(Data entries)

....

Lemma add_line_unique v w1 w2 (t1 t2 : R) : ~ W v -> W w1 -> W w2 ->
  w1 + t1%:C *: v = w2 + t2%:C *: v -> t1 = t2 /\ w1 = w2.
Proof.
move=> Wv W1 W2 e; suff t12 : t1 = t2 by split => //; move: e; rewrite t12 => /addIr.
apply/eqP/negPn/negP => t12; apply: Wv.
have t21 : t2 - t1 != 0 by rewrite subr_eq0 eq_sym.
have e' : (t2 - t1)%:C *: v = w1 - w2.
  by rewrite rmorphB scalerBl; apply/eqP; rewrite subr_eq addrAC e addrAC subrr add0r.
have -> : v = (t2 - t1)^-1%:C *: (w1 - w2).
  by rewrite -e' scalerA -rmorphM mulVf // scale1r.
by apply: real_subspaceZ; apply: real_subspaceB.
Qed.

Lemma real_subspace_add_line v : real_subspace (add_line W v).
Proof.
split; first by exists 0, 0; rewrite scale0r addr0; split => //; case: W_sub.
move=> t _ _ [w1 [t1 [W1 ->]]] [w2 [t2 [W2 ->]]].
exists (t%:C *: w1 + w2), (t * t1 + t2); split; first by case: W_sub => _; apply.
by rewrite rmorphD rmorphM scalerDr scalerDl scalerA addrACA.
Qed.

Lemma add_line_l v : W `<=` add_line W v.
Proof. by move=> w Ww; exists w, 0; rewrite scale0r addr0. Qed.

Lemma add_line_r v : add_line W v v.
Proof. by exists 0, 1; rewrite scale1r add0r; split => //; case: W_sub. Qed.

Hypothesis g_dom : dominated_on W g.

Lemma dominated_along v c : (forall w, W w -> g w + c <= p (w + v)) ->
  forall w (t : R), W w -> 0 < t -> g w + t * c <= p (w + t%:C *: v).
Proof.
move=> gc w t Ww t0; have tN0 : t != 0 by rewrite gt_eqF.
pose w' := t^-1%:C *: w; have Ww' : W w' by apply: real_subspaceZ.
have -> : w + t%:C *: v = t%:C *: (w' + v).
  by rewrite scalerDr scalerA -rmorphM mulfV // scale1r.
have -> : g w = t * g w'.
  by rewrite real_linear_onZ // mulrA mulfV // mul1r.
by rewrite p_homog ?(ltW t0) // -mulrDr ler_pM2l ?gc.
Qed.

Variable v : V.

Lemma extension_window : exists c,
  (forall w, W w -> g w + c <= p (w + v)) /\ (forall w, W w -> g w - c <= p (w - v)).
Proof.
have key w1 w2 : W w1 -> W w2 -> g w1 - p (w1 - v) <= p (w2 + v) - g w2.
  move=> W1 W2; have := g_dom (real_subspaceD W1 W2).
  have : p (w1 + w2) <= p (w1 - v) + p (w2 + v).
    by rewrite -[in X in p X <= _](subrK v w1) -addrA [v + _]addrC p_subadd.
  rewrite real_linear_onD //; lra.
have W0 := W_sub.1.
pose S := [set x | exists2 w, W w & x = g w - p (w - v)].
have S_sup : has_sup S.
  split; first by exists (g 0 - p (0 - v)), 0.
  by exists (p (0 + v) - g 0) => x [w Ww ->]; apply: key.
exists (sup S); split => w Ww.
  suff : sup S <= p (w + v) - g w by lra.
  by apply: ge_sup; [case: S_sup | move=> x [w' W' ->]; apply: key].
suff : g w - p (w - v) <= sup S by lra.
by apply: sup_upper_bound => //; exists w.
Qed.

Hypothesis Wv : ~ W v.

Lemma extension_step c :
  (forall w, W w -> g w + c <= p (w + v)) -> (forall w, W w -> g w - c <= p (w - v)) ->
  exists g', [/\ real_linear_on (add_line W v) g',
    (forall w (t : R), W w -> g' (w + t%:C *: v) = g w + t * c) &
    dominated_on (add_line W v) g'].
Proof.
move=> c_le c_ge.
pose g' u := if pselect (exists wt : V * R, W wt.1 /\ u = wt.1 + wt.2%:C *: v)
  is left h then let wt := projT1 (cid h) in g wt.1 + wt.2 * c else 0.
have g'E w (t : R) : W w -> g' (w + t%:C *: v) = g w + t * c.
  move=> Ww; rewrite /g'; case: pselect => [h|[]]; last by exists (w, t).
  case: (cid h) => [[w' t'] [/= W' e]] /=.
  by have [-> ->] := add_line_unique Wv Ww W' e.
exists g'; split => //.
- move=> s _ _ [w1 [t1 [W1 ->]]] [w2 [t2 [W2 ->]]].
  have -> : s%:C *: (w1 + t1%:C *: v) + (w2 + t2%:C *: v) =
      (s%:C *: w1 + w2) + (s * t1 + t2)%:C *: v.
    by rewrite rmorphD rmorphM scalerDr scalerDl scalerA addrACA.
  rewrite !g'E // ?g_lin //; first by ring.
  by case: W_sub => _; apply.
- move=> _ [w [t [Ww ->]]]; rewrite g'E //.
  have [t0|t0|->] := ltgtP t 0; last by rewrite scale0r mul0r !addr0 g_dom.
    have -> : w + t%:C *: v = w + (- t)%:C *: (- v) by rewrite rmorphN scaleNr scalerN opprK.
    by rewrite -mulrNN; apply: (dominated_along c_ge); rewrite ?oppr_gt0.
  exact: (dominated_along c_le).
Qed.
End Subspace.

Section Zorn.
Variables (W0 : set V) (g0 : V -> R).
Hypotheses (W0_sub : real_subspace W0) (g0_lin : real_linear_on W0 g0).
Hypothesis g0_dom : dominated_on W0 g0.

Record dominated_ext := DominatedExt {
  ext_dom : set V; ext_fun : V -> R;
  ext_sub : real_subspace ext_dom; ext_lin : real_linear_on ext_dom ext_fun;
  ext_le_p : dominated_on ext_dom ext_fun;
  ext_dom0 : W0 `<=` ext_dom; ext_fun0 : forall x, W0 x -> ext_fun x = g0 x }.

Definition ext_le (e1 e2 : dominated_ext) : bool :=
  `[< (ext_dom e1 `<=` ext_dom e2)%classic /\
      forall x, ext_dom e1 x -> ext_fun e2 x = ext_fun e1 x >].

Lemma ext_le_refl e : ext_le e e.
Proof. by apply/asboolP; split. Qed.

Lemma ext_le_trans e1 e2 e3 : ext_le e1 e2 -> ext_le e2 e3 -> ext_le e1 e3.
Proof.
move=> /asboolP [s12 f12] /asboolP [s23 f23]; apply/asboolP; split => [x /s12/s23 //|x e1x].
by rewrite f23 ?f12 //; apply: s12.
Qed.

Lemma ext_chain_ub (A : set dominated_ext) : total_on A ext_le ->
  exists e, forall e', A e' -> ext_le e' e.
Proof.
move=> A_tot; have [[e0 Ae0]|A0] := pselect (exists e, A e); last first.
  exists (DominatedExt W0_sub g0_lin g0_dom (@subset_refl _ W0) (fun x _ => erefl)).
  by move=> e Ae; case: A0; exists e.
pose W := [set x | exists e, A e /\ ext_dom e x].
pose g x := if pselect (exists e, A e /\ ext_dom e x) is left h
  then ext_fun (projT1 (cid h)) x else 0.
have gE e x : A e -> ext_dom e x -> g x = ext_fun e x.
  move=> Ae ex; rewrite /g; case: pselect => [h|[]]; last by exists e.
  case: (cid h) => e' [Ae' e'x] /=.
  by have [/asboolP [_ ->]|/asboolP [_ ->]] := A_tot _ _ Ae Ae'.
have common e1 e2 x y : A e1 -> A e2 -> ext_dom e1 x -> ext_dom e2 y ->
    exists e, [/\ A e, ext_dom e x & ext_dom e y].
  move=> A1 A2 x1 y2; have [/asboolP [s12 _]|/asboolP [s21 _]] := A_tot _ _ A1 A2.
    by exists e2; split => //; apply: s12.
  by exists e1; split => //; apply: s21.
have W_sub : real_subspace W.
  split; first by exists e0; split => //; case: (ext_sub e0).
  move=> t x y [e1 [A1 x1]] [e2 [A2 y2]]; have [e [Ae ex ey]] := common _ _ _ _ A1 A2 x1 y2.
  by exists e; split => //; case: (ext_sub e) => _; apply.
have g_lin : real_linear_on W g.
  move=> t x y [e1 [A1 x1]] [e2 [A2 y2]]; have [e [Ae ex ey]] := common _ _ _ _ A1 A2 x1 y2.
  have exy : ext_dom e (t%:C *: x + y) by case: (ext_sub e) => _; apply.
  by rewrite !(gE e) // ext_lin.
have g_dom : dominated_on W g by move=> x [e [Ae ex]]; rewrite (gE e) // ext_le_p.
have W0W : W0 `<=` W by move=> x W0x; exists e0; split => //; apply: ext_dom0.
have g_g0 x : W0 x -> g x = g0 x.
  by move=> W0x; rewrite (gE e0) ?ext_fun0 //; apply: ext_dom0.
exists (DominatedExt W_sub g_lin g_dom W0W g_g0) => e Ae.
by apply/asboolP; split => [x ex|x ex]; [exists e | apply: gE].
Qed.

Lemma maximal_ext_total e : (forall e', ext_le e e' -> ext_le e' e) -> ext_dom e = setT.
Proof.
move=> e_max; apply/seteqP; split => // v _; apply: contrapT => ev.
have [c [c_le c_ge]] := extension_window (ext_sub e) (@ext_lin e) (@ext_le_p e) v.
have [g' [g'_lin g'E g'_dom]] :=
  extension_step (ext_sub e) (@ext_lin e) (@ext_le_p e) ev c_le c_ge.
have g'_e x : ext_dom e x -> g' x = ext_fun e x.
  by move=> ex; have := g'E x 0 ex; rewrite scale0r mul0r !addr0.
have W0e' : W0 `<=` add_line (ext_dom e) v by move=> x W0x; apply: add_line_l; apply: ext_dom0.
have g'_g0 x : W0 x -> g' x = g0 x.
  by move=> W0x; rewrite g'_e ?ext_fun0 //; apply: ext_dom0.
pose e' := DominatedExt (real_subspace_add_line (ext_sub e) v) g'_lin g'_dom W0e' g'_g0.
have /e_max /asboolP [/= e'e _] : ext_le e e'.
  by apply/asboolP; split => //=; apply: add_line_l.
by apply: ev; apply: e'e; apply: add_line_r; apply: ext_sub.
Qed.

Lemma real_hahn_banach : exists g : V -> R,
  [/\ real_linear_on setT g, (forall x, W0 x -> g x = g0 x) & dominated_on setT g].
Proof.
have [e e_max] := ZL_preorder
  (DominatedExt W0_sub g0_lin g0_dom (@subset_refl _ W0) (fun x _ => erefl))
  ext_le_refl ext_le_trans ext_chain_ub.
have e_tot := maximal_ext_total e_max.
exists (ext_fun e); split; last 1 first.
- by move=> x _; apply: ext_le_p; rewrite e_tot.
- by move=> t x y _ _; apply: ext_lin; rewrite e_tot.
- exact: ext_fun0.
Qed.
End Zorn.
End RealHahnBanach.

Section Complexify.
Local Open Scope complex_scope.
Local Notation Re := complex.Re.
Local Notation Im := complex.Im.
Variables (R : realType) (Y : normedModType R[i]) (g : Y -> R).
Hypothesis g_lin : real_linear_on setT g.
Hypothesis g_dom : dominated_on (fun y => Re `|y|) setT g.

Definition complexify (y : Y) : R[i] := (g y)%:C - 'i%C * (g ('i%C *: y))%:C.

Lemma Re_complexify y : Re (complexify y) = g y.
Proof. by rewrite /= mul0r mul1r !subr0. Qed.

Lemma complexify_linear : linear_functional complexify.
Proof.
have T_sub : real_subspace [set: Y] by [].
have gD x y : g (x + y) = g x + g y by exact: (real_linear_onD g_lin).
have gZ (t : R) x : g (t%:C *: x) = t * g x by exact: (real_linear_onZ T_sub g_lin).
have i2 : 'i%C ^+ 2 = -1 :> R[i] := sqr_i R.
move=> k x y; rewrite /complexify.
have ek := complexE k; set a := Re k in ek; set b := Im k in ek.
have e1 : k *: x + y = a%:C *: x + (b%:C *: ('i%C *: x) + y).
  by rewrite addrA scalerA (mulrC b%:C) -scalerDl -ek.
have e2 : 'i%C *: (k *: x + y) = a%:C *: ('i%C *: x) + ((- b)%:C *: x + 'i%C *: y).
  rewrite scalerDr !scalerA addrA -scalerDl; congr (_ *: _ + _).
  rewrite {1}ek rmorphN -[- _]mulN1r -i2; ring.
rewrite e2 e1 !gD !gZ ek; clearbody a b.
apply/eqP; rewrite -subr_eq0; apply/eqP.
transitivity (('i%C ^+ 2 + 1) * (b%:C * (g ('i%C *: x))%:C)).
  by rewrite !(rmorphD, rmorphM, rmorphN); ring.
by rewrite i2 addNr mul0r.
Qed.

Lemma complexify_norm y : `|complexify y| <= `|y|.
Proof.
have [->|z0] := eqVneq (complexify y) 0; first by rewrite normr0 normr_ge0.
set z := complexify y in z0 *; pose u := `|z| / z.
have u1 : `|u| = 1 by rewrite /u normf_div normr_id divff // normr_eq0.
have uz : complexify (u *: y) = `|z|.
  rewrite -[u *: y]addr0 complexify_linear (linear_functional0 complexify_linear).
  by rewrite addr0 mulfVK.
have := @g_dom (u *: y) I; rewrite -Re_complexify uz normrZ u1 mul1r.
by rewrite nneg_lecE.
Qed.
End Complexify.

....

AIM OF THE TASK
For this exercise, repeat exactly the lines of the data above from the one with "split; first by exists e0;" down to the one with "by move=> ex;", both end lines included.

COMPLETED EXERCISE
  split; first by exists e0; split => //; case: (ext_sub e0).
  move=> t x y [e1 [A1 x1]] [e2 [A2 y2]]; have [e [Ae ex ey]] := common _ _ _ _ A1 A2 x1 y2.
  by exists e; split => //; case: (ext_sub e) => _; apply.
have g_lin : real_linear_on W g.
  move=> t x y [e1 [A1 x1]] [e2 [A2 y2]]; have [e [Ae ex ey]] := common _ _ _ _ A1 A2 x1 y2.
  have exy : ext_dom e (t%:C *: x + y) by case: (ext_sub e) => _; apply.
  by rewrite !(gE e) // ext_lin.
have g_dom : dominated_on W g by move=> x [e [Ae ex]]; rewrite (gE e) // ext_le_p.
have W0W : W0 `<=` W by move=> x W0x; exists e0; split => //; apply: ext_dom0.
have g_g0 x : W0 x -> g x = g0 x.
  by move=> W0x; rewrite (gE e0) ?ext_fun0 //; apply: ext_dom0.
exists (DominatedExt W_sub g_lin g_dom W0W g_g0) => e Ae.
by apply/asboolP; split => [x ex|x ex]; [exists e | apply: gE].
Qed.

Lemma maximal_ext_total e : (forall e', ext_le e e' -> ext_le e' e) -> ext_dom e = setT.
Proof.
move=> e_max; apply/seteqP; split => // v _; apply: contrapT => ev.
have [c [c_le c_ge]] := extension_window (ext_sub e) (@ext_lin e) (@ext_le_p e) v.
have [g' [g'_lin g'E g'_dom]] :=
  extension_step (ext_sub e) (@ext_lin e) (@ext_le_p e) ev c_le c_ge.
have g'_e x : ext_dom e x -> g' x = ext_fun e x.
  by move=> ex; have := g'E x 0 ex; rewrite scale0r mul0r !addr0.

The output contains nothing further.